Collected data
(* Let $X$ be a non-empty set, $\overline X=X\cup X'$ and $\widetilde X=\overline X\cup\{(x\wedge y):x,y\in\overline X\}$. Make the free semigroup $\widetilde X^+$ into a binary semigroup by $(u\wedge v)=(\iota u\wedge v\tau)$ for $u,v\in\widetilde X^+$. Then the relation $\widetilde\Theta(\mathcal{CS},X)=\{(u,v)\in\widetilde X^+\times\widetilde X^+:\overline{u}=\overline{v}\}$ (where $\overline{w}$ denotes the reduced form of $w$) is a congruence on the binary semigroup $\widetilde X^+$, and the factor $\widetilde X^+/\widetilde\Theta(\mathcal{CS},X)$ together with the matched mapping $\xi\colon\overline X\to \widetilde X^+/\widetilde\Theta(\mathcal{CS},X)$, $y\mapsto y\widetilde\Theta(\mathcal{CS},X)$, is a bifree object in the class $\mathcal{CS}$ of completely simple semigroups on $X$.
   Context: $X'=\{x':x\in X\}$ is a set disjoint from $X$ in bijection with $X$ via $x\mapsto x'$; extend $'$ to $\overline X$ by $(x')'=x$. The free binary semigroup $F_2(\overline X)$ is the smallest set $W$ of nonempty words over $\overline X\cup\{(,\wedge,)\}$ containing $\overline X$ and closed under concatenation $uv$ and under $(u,v)\mapsto(u\wedge v)$, with these two operations. Elements $(x\wedge y)$, $x,y\in\overline X$, are called $\wedge$-letters; $\widetilde X^+$ is the free semigroup on $\widetilde X$, viewed as a subset of $F_2(\overline X)$. For a term $w$, $\iota w$ [$w\tau$] is the first [last] element of $\overline X$ occurring in $w$. Reductions ($u,v$ terms, $x,y,z\in\overline X$): (R0) $(u\wedge v)\rightsquigarrow(\iota u\wedge v\tau)$; (R1) $x(y\wedge x)\rightsquigarrow x$; (R2) $(x\wedge y)x\rightsquigarrow x$; (R3) $(x\wedge y)(x\wedge z)\rightsquigarrow(x\wedge z)$; (R4) $(z\wedge x)(y\wedge x)\rightsquigarrow(z\wedge x)$; (R5) $x'x\rightsquigarrow(x'\wedge x)$, applied to segments of a term. It is known (Auinger) that every term has a unique reduced form (one to which no reduction applies) obtainable by repeated reductions; denote it $\overline w$. For a regular semigroup $S$, a map $\nu\colon\overline X\to S$ is matched if $x'\nu$ is an inverse of $x\nu$ for all $x\in X$. A bifree object in a class $\mathcal K$ of regular semigroups on $X$ is $B\in\mathcal K$ with a matched map $\xi\colon\overline X\to B$ such that for every $S\in\mathcal K$ and matched $\nu\colon\overline X\to S$ there is a unique homomorphism $\phi\colon B\to S$ with $\xi\phi=\nu$. *)

From Stdlib Require Import List Relations ClassicalEpsilon.
Import ListNotations.
Set Implicit Arguments.

(* Xbar X = X ∪ X' : inl x stands for x, inr x stands for x'. *)
Definition Xbar (X : Type) : Type := (X + X)%type.
Definition primeX {X : Type} (a : Xbar X) : Xbar X :=
  match a with inl x => inr x | inr x => inl x end.

(* Xtilde X = Xbar ∪ { (x ∧ y) : x, y ∈ Xbar } *)
Inductive tletter (X : Type) : Type :=
| TL : Xbar X -> tletter X
| TW : Xbar X -> Xbar X -> tletter X.
Arguments TL {X} a.
Arguments TW {X} a b.

Definition iota_l {X} (t : tletter X) : Xbar X :=
  match t with TL a => a | TW a _ => a end.
Definition tau_l {X} (t : tletter X) : Xbar X :=
  match t with TL a => a | TW _ b => b end.

Record neword (X : Type) := NeWord { nw_hd : tletter X; nw_tl : list (tletter X) }.
Arguments NeWord {X} _ _.
Definition to_list {X} (u : neword X) : list (tletter X) := nw_hd u :: nw_tl u.

Definition nw_cat {X} (u v : neword X) : neword X :=
  NeWord (nw_hd u) (nw_tl u ++ to_list v).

*What the exercise asks:* Of the entries above, repeat exactly the lines between the line with "match a with" and the line with "match t with TL a => a | TW _ b => b end.", inclusive, and no others.

*Result of the task:*
  match a with inl x => inr x | inr x => inl x end.

(* Xtilde X = Xbar ∪ { (x ∧ y) : x, y ∈ Xbar } *)
Inductive tletter (X : Type) : Type :=
| TL : Xbar X -> tletter X
| TW : Xbar X -> Xbar X -> tletter X.
Arguments TL {X} a.
Arguments TW {X} a b.

Definition iota_l {X} (t : tletter X) : Xbar X :=
  match t with TL a => a | TW a _ => a end.
Definition tau_l {X} (t : tletter X) : Xbar X :=
  match t with TL a => a | TW _ b => b end.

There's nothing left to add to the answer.